No one is asking you to be not unhappy about it
You are arguing that your unhappiness outweighs the millions of people who are buying the latest and greatest smartphones even though they don't have headphone jacks - are you suggesting that Evil-Corp forced them to go out and buy the newer phones? How?
What's up with your constant need to produce straw-mans (put words in my mouth), as well as repetition of arguments that have already been answered for? First off, I'm not arguing anything about my position relative to others; my argument has always been that people in general are unhappy. As for "the millions of people who are buying the latest and greatest", it's as I told you in my previous response; people are buying the latest and greatest", because that's how technology works. If you have an older iPhone that is getting obsolete in terms of battery life, camera, in speed, etc., and you need to buy a newer iPhone, what options do you with 3.5mm jack? None. If you want to buy a newer phone with the "latest and greatest" specs, you are forced to make do without a headphone jack. Same is true with Pixels, HTC phones, Huawei phones, etc. Why is this so hard for you to understand?
Some are still complaining that they want a physical keyboard. Some are complaining that they stopped making film cameras. Why did they force this digital thing down people's throats! Bloody corporate villains!
1. New technologies for those two cases were better in three ways, as they were: 1. cheaper, 2. more practical and 3. technically superior. These factors can in fact be used as explanations/justifications for a newer solution becoming dominant.
For example digital cameras eventually overtake analogue film cameras in dynamic range, exposure, sharpness, motion, frame rates, etc. You could also store them in a small flash disk, and run them all the time (whereas with film cameras you had to exchange the roll all the itme), had smaller and much more portable cameras, and were cheaper to go around with. The last parts are very important, as they completely democratized the industry, by making it easier for amateur filmmakers to move up and make a career of it.
So let's look the 3.5mm jack vs. BT. 1. Are BT solutions cheaper than wired ones? No. 2. Are BT solutions more practical? Yes and no. Yes, in that you have no wire, no in that they run on very limited battery life, and need constant charging. 3. Are BT solutions technically superior? No. SQ is inferior, there's interference, there's connection loss, etc.
So BT is not even comparable to the examples you gave above. They're not even comparable to the floppy disc example that έχω δίκιο gave.
2. The introduction and success of digital cameras still didn't cancel out film cameras. Film directors are still very much free to use 35mm/70mm if they want to; and they do! Tarantino and Christopher Nolan use film in all of their movies. All the newer Star Wars and Mission Impossible movies were shot on film. So
the option to decide is still very much there -- unlike with 3.5mm jack for consumers. B
T was very much still there, alongside 3.5mm jack, yet people still went with wired earphones. This very clearly demonstrates what option people in general preferred.
A smartphone is a jack of many trades - its not an audiophile gadget or a device meant to make movie watching as good that at a cinema.

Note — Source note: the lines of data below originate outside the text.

Lemma V_start : V 0 = padd x S.
Proof.
  apply (flow_start (fun t => 0 <= t <= Tstar M) _ _ _ _ (Hust_flow S)).
  pose proof (Tstar_pos M). lra.
Qed.

Lemma W_stays_near_O s : 0 <= s <= T -> mu (W s) <> 0 -> forall u, 0 <= u <= T -> nbhd (tsq c0 L) r (W u).
Proof.
  intros Hs Hmu u Hu.
  rewrite (sol_eq_flow (fun t => 0 <= t <= Tstar M) (chiu_sh chi a1 a2 a3 a4 S) (Phi_chi S) W 0 T s u);
    auto using chiu_sh_LipBounded, W_IsSolOn.
  apply Hr_flows; auto using supp_of_nonzero.
Qed.

Lemma V_stays_near_O s : 0 <= s <= T -> mu (V s) <> 0 -> forall u, 0 <= u <= T -> nbhd (tsq c0 L) r (V u).
Proof.
  intros Hs Hmu u Hu.
  rewrite (sol_eq_flow (fun t => 0 <= t <= Tstar M) (ustar_sh a1 a2 a3 a4 S) (Phi_ust S) V 0 T s u);
    auto using ustar_sh_LipBounded, V_IsSolOn.
  apply Hr_flows; auto using supp_of_nonzero.
Qed.

(* Inverting [Phi_y(., 0, t^i_a)], which is [x + S_i] modulo [2 pi Z^2] near [O_i]. *)
Lemma W_start_lattice_of_W_near_O : nbhd (tsq c0 L) r (W 0) ->
  exists k1 k2, W 0 = padd (padd x S) (lattice k1 k2).
Proof.
  intros HW0. pose proof (Tstar_pos M).
  set (q := psub (W 0) S).
  destruct (teq_lattice _ _ (Hy_shift i Hi q (nbhd_O_to_O_i i _ Hi HW0) (t_a M t0 i)
             ltac:(rewrite t_b_eq; lra))) as [k1 [k2 Ek]].
  assert (Eq : Phi_y q 0 (t_a M t0 i) = Phi_y (padd x (lattice k1 k2)) 0 (t_a M t0 i)).
  { rewrite Ek, flow_y_lattice by apply t_a_nonneg. unfold q. rewrite padd_psub, W_start. reflexivity. }
  apply flow_y_injective in Eq; [|apply t_a_nonneg].
  exists k1, k2. rewrite <- (padd_psub (W 0) S). fold q. rewrite Eq.
  unfold padd; simpl. f_equal; ring.
Qed.

Lemma W_start_lattice_of_V_near_O : nbhd (tsq c0 L) r (V 0) ->
  exists k1 k2, W 0 = padd (padd x S) (lattice k1 k2).
Proof.
  intros HV0. pose proof (Tstar_pos M).
  rewrite V_start in HV0. apply (nbhd_O_to_O_i i) in HV0; [|exact Hi].
  replace (psub (padd x S) (Sh i)) with x in HV0
    by (unfold psub, padd, S; destruct x; simpl; f_equal; ring).
  destruct (teq_lattice _ _ (Hy_shift i Hi x HV0 (t_a M t0 i) ltac:(rewrite t_b_eq; lra)))
    as [k1 [k2 Ek]].
  exists k1, k2. rewrite W_start. exact Ek.
Qed.

Lemma W_teq_V_of_W_meets_supp_mu s : 0 <= s <= T -> mu (W s) <> 0 ->
  forall t, 0 <= t <= T -> teq (W t) (V t).
Proof.
  intros Hs Hmu t Ht. pose proof (W_stays_near_O s Hs Hmu) as Hnear.
  destruct W_start_lattice_of_W_near_O as [k1 [k2 Ek]]; [apply Hnear; lra|].
  apply (teq_of_lattice _ _ k1 k2).
  set (W' u := padd (W u) (lattice (- k1) (- k2))).
  assert (E : W' t = V t).
  { apply (sol_unique (ustar_sh a1 a2 a3 a4 S) W' V 0 T 0); auto using ustar_sh_LipBounded, V_IsSolOn.
    - apply IsSolOn_translate; [|intros u _; apply ustar_sh_periodic].
      eapply IsSolOn_ext; [apply W_IsSolOn|]. intros u Hu.
      apply chiu_sh_eq_ustar_sh_near_O, Hnear. lra.
    - lra.
    - unfold W'. rewrite Ek, V_start. unfold padd, lattice; simpl. rewrite !opp_IZR. f_equal; ring. }
  rewrite <- E. unfold W', padd, lattice; simpl. rewrite !opp_IZR. destruct (W t); simpl. f_equal; ring.
Qed.

Lemma W_teq_V_of_V_meets_supp_mu s : 0 <= s <= T -> mu (V s) <> 0 ->
  forall t, 0 <= t <= T -> teq (W t) (V t).
Proof.
  intros Hs Hmu t Ht. pose proof (V_stays_near_O s Hs Hmu) as Hnear.
  destruct W_start_lattice_of_V_near_O as [k1 [k2 Ek]]; [apply Hnear; lra|].
  apply (teq_of_lattice _ _ k1 k2).
  apply (sol_unique (chiu_sh chi a1 a2 a3 a4 S) W (fun u => padd (V u) (lattice k1 k2)) 0 T 0);
    auto using chiu_sh_LipBounded, W_IsSolOn; [| lra | rewrite V_start; exact Ek].
  apply (IsSolOn_ext (ustar_sh a1 a2 a3 a4 S)).
  - apply IsSolOn_translate; [apply V_IsSolOn | intros u _; apply ustar_sh_periodic].
  - intros u Hu. symmetry. apply chiu_sh_eq_ustar_sh_near_O, nbhd_tsq_lattice, Hnear. lra.
Qed.

End Bump.
End FlowComparison.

The fact that you can't even see the hypocrisy of this statement is hilarious. If a smartphone is "a jack of many trades", then it ought to have a 3.5mm jack.
Also, your attempt at associating a 3.5mm jack with "audiophiles" who want "movie watching as good at a cinema" is laughable. I guess my mother, my wife, my friends and the rest of the population, who all have/had more wired earpieces than wireless ones, are audiophiles as well? The headphone jack is more universal than BT audio.
I will be unhappy when they do but I will also understand that supporting a small user segment has its costs and profit-making businesses generally don't find good ROI in it. Its simple economics.
By what account do you claim that people using wired earpieces are "a small user segment" -- or rather, smaller than those with wireless ones? All the numbers show the opposite; in fact, wireless earphone purchases first shot up when phones stopped coming with headphone jacks. Proving my point about forcing people.
Also, the argument of ROI is simply not worth taking seriously, as a 3.5mm jacks hardly costs anything to put in phones, especially when compared to other components. And whatever you may argue it costs, it's still less than the 3.5mm adapter that they provide you in the box; certainly way less than the USB Type-C earphone Google now provides in the box (which is not just an earphone, but also has a separate DAC/Amp with it). How does that fit into your ROI "simple economics"? Oh wait, it doesn't. But I don't expect you to be aware of the logical fallacies in your arguments, which even a child can observe, as you seem completely uninterested in doing independent critique of this topic. You seem more motivated by your infallible, totalitarian loyalty to these corporations and their actions. In your belief that everything they do must be reasonable, you try to rationalize their action however way possible. No matter how nonsensical.